The Philippine central bank raised its benchmark interest rates for the fourth time in five months on Thursday, pushing them to seven-year highs, and kept the door open for further tightening as it battles to cool inflation. With prices rising at the fastest pace in nearly a decade, the central bank's Monetary Board voted to increase the rate on its reverse repurchase facility by 50 basis points (bps) to 4.5 percent.
It also raised the rates on the overnight lending and deposit facilities by the same amount. The Bangko Sentral ng Pilipinas and Bank Indonesia have been the most aggressive central banks in Asia so far this year as their currencies take a beating. Both have now raised rates by 150 bps since May. Indonesia also hiked on Thursday, by a quarter-point.

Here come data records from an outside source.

(* Let $\phi_1,\phi_2\in D=\{z\in\mathbb{C};|z|<1\}$ and let $Z$ be a random variable on the unit circle $\partial D$ with density, with respect to arc length, $$f(z)=\frac{1}{2\pi}\frac{|1-\phi_1\overline{\phi_2}|^2}{1-|\phi_1\overline{\phi_2}|^2}\frac{1-|\phi_1|^2}{|z-\phi_1|^2}\frac{1-|\phi_2|^2}{|z-\phi_2|^2}.$$ Then the skewness $s$ of $Z$ is $$s=\frac{|1-\phi_1\overline{\phi_2}|^2}{(1-|\phi_1\overline{\phi_2}|^2)^3}\rho^{-2}(1-\rho)^{-3/2}\operatorname{Im}(\phi_1\overline{\phi_2})(|\phi_1|^2-|\phi_2|^2)(1-|\phi_1|^2)(1-|\phi_2|^2),$$ where $\rho=|(1-|\phi_2|^2)\phi_1+(1-|\phi_1|^2)\phi_2|/(1-|\phi_1\overline{\phi_2}|^2)$.
   Context: For a random variable $Z$ on the unit circle with $E(Z)\neq 0$, the mean direction is $\zeta=\arg\{E(Z)\}$, the mean resultant length is $\delta=|E(Z)|$, and the (Mardia) skewness is $s=E[\operatorname{Im}\{(Z\mathrm{e}^{-\mathrm{i}\zeta})^2\}]/(1-\delta)^{3/2}$. *)

From Stdlib Require Import Reals.
From Coquelicot Require Import Coquelicot.
Open Scope R_scope.

Definition circ (t : R) : C := (cos t, sin t).

(* Expectation of a real function h(Z) when Z has density g w.r.t. arc length
   on the unit circle (arc length parametrised by theta in [0, 2 pi]). *)
Definition Ecirc (g : C -> R) (h : C -> R) : R :=
  RInt (fun t => h (circ t) * g (circ t)) 0 (2 * PI).

Definition cmean (g : C -> R) : C := (Ecirc g Re, Ecirc g Im).

Definition mrl (g : C -> R) : R := Cmod (cmean g).

Definition is_mean_direction (g : C -> R) (zeta : R) : Prop :=
  cmean g = Cmult (RtoC (mrl g)) (circ zeta).

Definition skewness (g : C -> R) (zeta : R) : R :=
  Ecirc g (fun z => Im (Cmult (Cmult z (circ (- zeta))) (Cmult z (circ (- zeta)))))
  / Rpower (1 - mrl g) (3 / 2).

Analysts said further BSP hikes are likely after the central bank said it was strongly committed "to take all necessary policy actions to address the threat of high inflation." The latest move had been widely expected by most analysts in a Reuters poll and followed a similar 50 bps hike in August, which was the biggest in 10 years.
"The Monetary Board recognised that a further tightening of monetary policy was warranted by persistent signs of sustained and broadening price pressures," the central bank said in a statement. In August, inflation surged to a more than nine-year high of 6.4 percent, way above the central bank's 2-4 percent comfort range. It has been steadily rising due this year due to higher taxes, the weak peso, and rising food and fuel costs.
The BSP's key rate is now the highest since December 2011. It set the policy rate at 3.0 percent when it moved to an interest rate corridor framework in 2016 to make policy transmission faster and more efficient. The BSP also raised its average inflation forecasts to 5.2 percent for 2018, from 4.9 percent, and to 4.3 percent for 2019, from 3.7 percent, well above the target range.